- **Information supplied**:
(* Let $\Gamma$ be a distance-regular antipodal double cover with diameter $D\ge 3$ and vertex set $X$. Let $x\in X$ and let $\hat{x}$ be the antipode of $x$. Then a subspace $W\subseteq V$ is an irreducible $T(x)$-module if and only if $W$ is an irreducible $T(\hat{x})$-module.
   Context: A distance-regular graph of diameter $D$ is an antipodal double cover if for every vertex $x$ there is exactly one vertex $\hat{x}$ (the antipode of $x$) with $\partial(x,\hat{x})=D$. Let $A$ be the adjacency matrix, $V=\mathbb{C}^X$, and for $x\in X$ and $0\le i\le D$ let $E^*_i(x)$ be the diagonal matrix with $(E^*_i(x))_{yy}=1$ if $\partial(x,y)=i$ and $0$ otherwise. The Terwilliger algebra $T(x)$ is the subalgebra of $\mathrm{Mat}_X(\mathbb{C})$ generated by $A,E^*_0(x),\dots,E^*_D(x)$. A $T(x)$-module is a subspace $W\subseteq V$ with $BW\subseteq W$ for all $B\in T(x)$; it is irreducible if it is nonzero and has no $T(x)$-submodules other than $0$ and $W$. *)

From HB Require Import structures.
From mathcomp Require Import all_boot all_order all_algebra all_field.
Set Implicit Arguments. Unset Strict Implicit. Unset Printing Implicit Defensive.
Import GRing.Theory Num.Theory.
Local Open Scope ring_scope.

(* Graphs: vertex set 'I_n (any finite vertex set X, relabelled), edge relation e. *)
Section Graph.
Variable T : finType.
Variable e : rel T.

Definition walkb (k : nat) (x y : T) : bool :=
  [exists p : k.-tuple T, path e x p && (last x p == y)].

(* path-length distance; in a connected graph it is < #|T| so the search
   over iota 0 #|T| returns the true distance *)
Definition gdist (x y : T) : nat :=
  find (fun k => walkb k x y) (iota 0 #|T|).

Definition diameter : nat := (\max_(x : T) \max_(y : T) gdist x y)%N.

Definition distance_regular : Prop :=
  [/\ symmetric e, irreflexive e, (forall x y : T, connect e x y) &
      exists p : nat -> nat -> nat -> nat,
        forall (x y : T) (i j : nat),
          #|[set z | (gdist x z == i) && (gdist y z == j)]| = p (gdist x y) i j].

Definition antipodal_double_cover : Prop :=
  forall x : T, #|[set y | gdist x y == diameter]| = 1%N.
End Graph.

Section Terwilliger.
Variable n : nat.
Variable e : rel 'I_n.

Definition adjmx : 'M[algC]_n := \matrix_(y, z) (e y z)%:R.

Definition dualidem (x : 'I_n) (i : nat) : 'M[algC]_n :=
  \matrix_(y, z) ((y == z) && (gdist e x y == i))%:R.

Inductive in_Talg (x : 'I_n) : 'M[algC]_n -> Prop :=
| Talg_A : in_Talg x adjmx
| Talg_E i : (i <= diameter e)%N -> in_Talg x (dualidem x i)
| Talg_1 : in_Talg x 1%:M
| Talg_add B C : in_Talg x B -> in_Talg x C -> in_Talg x (B + C)
| Talg_scale (c : algC) B : in_Talg x B -> in_Talg x (c *: B)
| Talg_mul B C : in_Talg x B -> in_Talg x C -> in_Talg x (B *m C).

(* subspaces of V = C^X are represented by row spaces of square matrices;
   a vector v (a row) is mapped by B (acting on columns) to (B v^T)^T = v B^T *)
Definition is_Tmodule (x : 'I_n) (W : 'M[algC]_n) : Prop :=
  forall B, in_Talg x B -> (W *m B^T <= W)%MS.

Definition irreducible_Tmodule (x : 'I_n) (W : 'M[algC]_n) : Prop :=
  [/\ is_Tmodule x W, W != 0 &
      forall U : 'M[algC]_n, (U <= W)%MS -> is_Tmodule x U ->
        U = 0 \/ (U == W)%MS].
End Terwilliger.

From mathcomp Require Import all_boot all_order all_algebra all_field.
Set Implicit Arguments. Unset Strict Implicit. Unset Printing Implicit Defensive.
Import GRing.Theory Num.Theory.
Local Open Scope ring_scope.

(* The antipode [b] of [a] is the only vertex at distance [D] from [a], so the
   set {w | d(a,w) = D, d(z,w) = j} is {b} when d(z,b) = j and empty otherwise.
   Hence d(b,z) = j iff p^{d(a,z)}_{D,j} = 1, i.e. E*_j(b) is a sum of the
   E*_i(a), whence T(b) <= T(a).  By symmetry T(a) = T(b), and equal algebras
   have the same irreducible modules. *)

Section Distance.
Variable T : finType.
Variable e : rel T.
Hypothesis esym : symmetric e.

Lemma walkb_sym k x y : walkb e k x y -> walkb e k y x.
Proof.
case/existsP=> p /andP[pp /eqP lp]; apply/existsP.
have sz : size (rev (belast x p)) == k by rewrite size_rev size_belast size_tuple.
exists (Tuple sz) => /=.
have er : (fun z t => e t z) =2 e by move=> ??; rewrite esym.
rewrite -lp rev_path (eq_path er) pp /=.
by case: (lastP p) => [|q a] //=; rewrite belast_rcons rev_cons last_rcons.
Qed.

Lemma gdist_sym x y : gdist e x y = gdist e y x.
Proof. by apply: eq_find => k; apply/idP/idP; apply: walkb_sym. Qed.

Lemma gdist_le_diameter x y : (gdist e x y <= diameter e)%N.
Proof.
apply: leq_trans (leq_bigmax x).
exact: (leq_bigmax (F := fun y => gdist e x y) y).
Qed.
End Distance.

Section Antipode.
Variable T : finType.
Variable e : rel T.
Local Notation D := (diameter e).
Variable p : nat -> nat -> nat -> nat.
Hypothesis esym : symmetric e.
Hypothesis hp : forall (x y : T) (i j : nat),
  #|[set z | (gdist e x z == i) && (gdist e y z == j)]| = p (gdist e x y) i j.
Hypothesis hanti : antipodal_double_cover e.

Lemma antipode_set1 a b : gdist e a b = D -> [set w | gdist e a w == D] = [set b].
Proof.
move=> hab; have /eqP/cards1P[c hc] := hanti a.
suff -> : b = c by [].
by apply/set1P; rewrite -hc inE hab.
Qed.

Lemma gdist_antipodeE a b z j : gdist e a b = D ->
  (gdist e b z == j) = (p (gdist e a z) D j == 1%N).
Proof.
move=> hab; rewrite -hp (gdist_sym esym b z).
have -> : [set w | (gdist e a w == D) && (gdist e z w == j)] =
          [set w | gdist e a w == D] :&: [set w | gdist e z w == j].
  by apply/setP => w; rewrite !inE.
rewrite (antipode_set1 hab).
have [hbz|hbz] := boolP (gdist e z b == j).
- by rewrite (setIidPl _) ?cards1 // sub1set inE.
- rewrite (_ : _ :&: _ = set0) ?cards0 //.
  by apply/setP => w; rewrite !inE; case: eqP => // ->; rewrite (negbTE hbz).
Qed.
End Antipode.

Section Terwilliger.
Variable n : nat.
Variable e : rel 'I_n.
Local Notation D := (diameter e).

Lemma Talg_sum x (I : finType) (P : pred I) (F : I -> 'M[algC]_n) :
  (forall i, P i -> in_Talg e x (F i)) -> in_Talg e x (\sum_(i | P i) F i).
Proof.
move=> hF; apply: (big_ind (in_Talg e x)) => //; last by move=> ???; apply: Talg_add.
by rewrite -(scale0r 1%:M); apply/Talg_scale/Talg_1.
Qed.

Lemma sum_dualidem a (P : pred nat) :
  \sum_(i < D.+1 | P i) dualidem e a i =
  \matrix_(y, z) ((y == z) && P (gdist e a y))%:R.
Proof.
apply/matrixP => y z; rewrite !mxE summxE big_mkcond /=.
have dy : (gdist e a y < D.+1)%N by rewrite ltnS gdist_le_diameter.
rewrite (bigD1 (Ordinal dy)) //= big1 ?addr0 => [|i neq_i].
  by case: (P _); rewrite ?mxE ?eqxx ?andbT ?andbF.
rewrite mxE; case: (P i) => //; rewrite andbC; case: eqP => // hi.
by case/eqP: neq_i; apply: val_inj.
Qed.

Lemma is_Tmodule_eq x y W :
  (forall B, in_Talg e x B <-> in_Talg e y B) ->
  is_Tmodule e x W <-> is_Tmodule e y W.
Proof. by move=> hT; split => hW B /hT; apply: hW. Qed.

Lemma irreducible_Tmodule_eq x y W :
  (forall B, in_Talg e x B <-> in_Talg e y B) ->
  irreducible_Tmodule e x W <-> irreducible_Tmodule e y W.
Proof.
move=> hT; have hM U := is_Tmodule_eq U hT.
split=> -[hW nzW irrW]; split=> //.
- exact/hM.
- by move=> U sUW /hM; apply: irrW.
- exact/hM.
- by move=> U sUW /hM; apply: irrW.
Qed.

Variable p : nat -> nat -> nat -> nat.
Hypothesis esym : symmetric e.
Hypothesis hp : forall (x y : 'I_n) (i j : nat),
  #|[set z | (gdist e x z == i) && (gdist e y z == j)]| = p (gdist e x y) i j.
Hypothesis hanti : antipodal_double_cover e.

Lemma dualidem_antipode a b j : gdist e a b = D ->
  dualidem e b j = \sum_(i < D.+1 | p i D j == 1%N) dualidem e a i.
Proof.
move=> hab; rewrite (sum_dualidem a (fun i => p i D j == 1%N)).
by apply/matrixP => y z; rewrite !mxE (gdist_antipodeE esym hp hanti _ _ hab).
Qed.

Lemma Talg_antipode a b B : gdist e a b = D -> in_Talg e b B -> in_Talg e a B.
Proof.
move=> hab; elim=> {B} [|i _||? ? _ ? _ ?|? ? _ ?|? ? _ ? _ ?].
- exact: Talg_A.
- rewrite (dualidem_antipode _ hab); apply: Talg_sum => k _.
  exact/Talg_E/ltnSE.
- exact: Talg_1.
- exact: Talg_add.
- exact: Talg_scale.
- exact: Talg_mul.
Qed.
End Terwilliger.

Theorem lemma6p1 (n : nat) (e : rel 'I_n) (x xh : 'I_n) :
  distance_regular e -> antipodal_double_cover e -> (3 <= diameter e)%N ->
  gdist e x xh = diameter e ->
  forall W : 'M[algC]_n,
    irreducible_Tmodule e x W <-> irreducible_Tmodule e xh W.
Proof.
move=> [esym _ _ [p hp]] hanti _ hx W.
have hxh : gdist e xh x = diameter e by rewrite (gdist_sym esym).
apply: irreducible_Tmodule_eq => B; split.
- exact: (Talg_antipode esym hp hanti hxh).
- exact: (Talg_antipode esym hp hanti hx).
Qed.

- **Exercise directions**:
What lines above contain the string "Definition"? Copy all of them.

- **Answer space**:
Definition walkb (k : nat) (x y : T) : bool :=
Definition gdist (x y : T) : nat :=
Definition diameter : nat := (\max_(x : T) \max_(y : T) gdist x y)%N.
Definition distance_regular : Prop :=
Definition antipodal_double_cover : Prop :=
Definition adjmx : 'M[algC]_n := \matrix_(y, z) (e y z)%:R.
Definition dualidem (x : 'I_n) (i : nat) : 'M[algC]_n :=
Definition is_Tmodule (x : 'I_n) (W : 'M[algC]_n) : Prop :=
Definition irreducible_Tmodule (x : 'I_n) (W : 'M[algC]_n) : Prop :=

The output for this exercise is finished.